* [What you will do] Across the entries, how many lines have the string "case" in them? Reply with only a number.

* [Source data]
⁂

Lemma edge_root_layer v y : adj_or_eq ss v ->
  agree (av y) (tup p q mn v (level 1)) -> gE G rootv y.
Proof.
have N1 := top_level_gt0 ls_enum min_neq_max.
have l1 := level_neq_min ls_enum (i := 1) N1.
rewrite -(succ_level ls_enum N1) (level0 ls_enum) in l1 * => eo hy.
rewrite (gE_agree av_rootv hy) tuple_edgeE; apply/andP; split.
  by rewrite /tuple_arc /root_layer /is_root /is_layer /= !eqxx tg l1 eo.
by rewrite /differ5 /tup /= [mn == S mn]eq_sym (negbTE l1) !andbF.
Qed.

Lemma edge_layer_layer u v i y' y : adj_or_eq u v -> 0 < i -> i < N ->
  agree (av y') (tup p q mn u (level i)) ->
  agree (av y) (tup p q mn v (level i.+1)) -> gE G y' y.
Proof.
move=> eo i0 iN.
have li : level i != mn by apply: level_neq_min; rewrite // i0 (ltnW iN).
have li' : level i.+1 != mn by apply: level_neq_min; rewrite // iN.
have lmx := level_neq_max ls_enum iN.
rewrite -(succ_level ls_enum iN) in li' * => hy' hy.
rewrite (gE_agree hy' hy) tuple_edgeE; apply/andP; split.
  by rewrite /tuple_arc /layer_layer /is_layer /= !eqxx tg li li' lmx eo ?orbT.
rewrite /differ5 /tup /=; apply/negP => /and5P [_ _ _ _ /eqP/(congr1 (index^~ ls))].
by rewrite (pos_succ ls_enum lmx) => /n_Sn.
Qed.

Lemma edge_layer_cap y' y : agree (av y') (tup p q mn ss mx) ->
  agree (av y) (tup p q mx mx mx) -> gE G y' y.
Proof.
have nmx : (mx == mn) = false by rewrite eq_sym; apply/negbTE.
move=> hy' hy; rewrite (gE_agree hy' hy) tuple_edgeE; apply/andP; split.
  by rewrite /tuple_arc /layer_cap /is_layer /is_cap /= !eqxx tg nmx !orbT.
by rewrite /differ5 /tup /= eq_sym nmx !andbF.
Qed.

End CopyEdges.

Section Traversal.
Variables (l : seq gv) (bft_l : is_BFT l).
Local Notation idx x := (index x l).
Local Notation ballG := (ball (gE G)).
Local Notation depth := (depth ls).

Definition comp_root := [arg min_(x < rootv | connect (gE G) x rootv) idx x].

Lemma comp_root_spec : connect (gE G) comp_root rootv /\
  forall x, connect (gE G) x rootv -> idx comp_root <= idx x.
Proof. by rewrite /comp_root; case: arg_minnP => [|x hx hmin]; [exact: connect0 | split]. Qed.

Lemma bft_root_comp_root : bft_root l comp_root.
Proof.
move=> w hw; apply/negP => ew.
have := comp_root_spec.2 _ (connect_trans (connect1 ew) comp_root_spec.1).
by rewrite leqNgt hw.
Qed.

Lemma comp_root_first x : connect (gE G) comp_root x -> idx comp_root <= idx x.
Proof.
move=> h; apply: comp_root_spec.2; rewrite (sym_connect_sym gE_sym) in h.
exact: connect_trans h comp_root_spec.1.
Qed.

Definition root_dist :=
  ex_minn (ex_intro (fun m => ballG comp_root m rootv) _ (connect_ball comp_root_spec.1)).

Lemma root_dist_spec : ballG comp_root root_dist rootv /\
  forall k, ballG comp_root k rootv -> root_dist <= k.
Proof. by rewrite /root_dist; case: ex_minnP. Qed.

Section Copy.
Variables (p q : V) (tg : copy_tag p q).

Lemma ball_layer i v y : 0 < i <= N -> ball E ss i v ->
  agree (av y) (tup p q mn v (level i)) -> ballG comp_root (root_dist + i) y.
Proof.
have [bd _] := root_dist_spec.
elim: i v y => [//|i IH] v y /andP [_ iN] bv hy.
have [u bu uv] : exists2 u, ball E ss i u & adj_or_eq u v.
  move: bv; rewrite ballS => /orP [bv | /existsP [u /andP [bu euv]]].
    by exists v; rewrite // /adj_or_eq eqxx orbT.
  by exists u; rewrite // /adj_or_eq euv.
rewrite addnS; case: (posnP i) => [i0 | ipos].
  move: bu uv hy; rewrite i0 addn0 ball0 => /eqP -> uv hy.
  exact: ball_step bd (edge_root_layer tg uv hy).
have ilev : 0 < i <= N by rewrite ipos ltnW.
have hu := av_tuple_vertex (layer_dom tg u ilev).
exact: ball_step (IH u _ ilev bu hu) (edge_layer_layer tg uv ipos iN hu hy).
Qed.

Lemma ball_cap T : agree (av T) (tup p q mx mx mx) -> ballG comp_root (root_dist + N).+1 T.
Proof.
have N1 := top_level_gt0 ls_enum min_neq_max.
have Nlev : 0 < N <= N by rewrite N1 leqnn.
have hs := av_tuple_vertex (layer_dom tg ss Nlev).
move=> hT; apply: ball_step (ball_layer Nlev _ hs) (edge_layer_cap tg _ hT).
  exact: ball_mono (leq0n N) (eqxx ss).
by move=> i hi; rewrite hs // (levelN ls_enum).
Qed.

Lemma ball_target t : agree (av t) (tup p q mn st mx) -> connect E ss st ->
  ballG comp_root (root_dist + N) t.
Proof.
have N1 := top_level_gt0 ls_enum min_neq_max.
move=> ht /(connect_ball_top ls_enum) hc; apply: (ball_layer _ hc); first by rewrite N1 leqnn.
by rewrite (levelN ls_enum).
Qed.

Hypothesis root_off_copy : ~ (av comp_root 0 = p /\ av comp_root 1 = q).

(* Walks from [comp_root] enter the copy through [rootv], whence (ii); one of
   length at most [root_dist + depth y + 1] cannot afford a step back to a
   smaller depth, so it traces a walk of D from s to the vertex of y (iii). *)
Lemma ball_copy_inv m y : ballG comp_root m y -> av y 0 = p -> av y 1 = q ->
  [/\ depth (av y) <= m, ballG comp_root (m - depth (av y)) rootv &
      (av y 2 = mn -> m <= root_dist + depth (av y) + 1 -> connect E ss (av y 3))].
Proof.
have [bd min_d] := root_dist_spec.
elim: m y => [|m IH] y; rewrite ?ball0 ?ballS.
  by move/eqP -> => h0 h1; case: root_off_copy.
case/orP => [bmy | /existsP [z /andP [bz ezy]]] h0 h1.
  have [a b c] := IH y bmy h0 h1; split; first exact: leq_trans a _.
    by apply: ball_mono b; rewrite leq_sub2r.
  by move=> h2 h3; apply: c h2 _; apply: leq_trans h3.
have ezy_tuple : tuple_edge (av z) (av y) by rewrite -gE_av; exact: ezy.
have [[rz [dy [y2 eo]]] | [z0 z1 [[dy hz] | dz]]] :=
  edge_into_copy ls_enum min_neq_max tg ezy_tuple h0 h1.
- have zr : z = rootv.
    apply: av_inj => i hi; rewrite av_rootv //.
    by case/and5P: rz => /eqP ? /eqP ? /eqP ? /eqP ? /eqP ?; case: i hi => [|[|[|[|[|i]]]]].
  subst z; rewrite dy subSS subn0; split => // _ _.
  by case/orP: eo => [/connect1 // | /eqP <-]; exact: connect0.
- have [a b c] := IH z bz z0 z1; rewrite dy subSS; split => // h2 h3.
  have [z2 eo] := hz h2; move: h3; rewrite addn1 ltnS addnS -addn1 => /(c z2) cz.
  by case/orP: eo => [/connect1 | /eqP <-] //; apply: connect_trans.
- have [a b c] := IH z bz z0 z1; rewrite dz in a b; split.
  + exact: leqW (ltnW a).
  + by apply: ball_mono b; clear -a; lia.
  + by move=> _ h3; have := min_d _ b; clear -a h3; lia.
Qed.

⁂

* [Expected answer] 8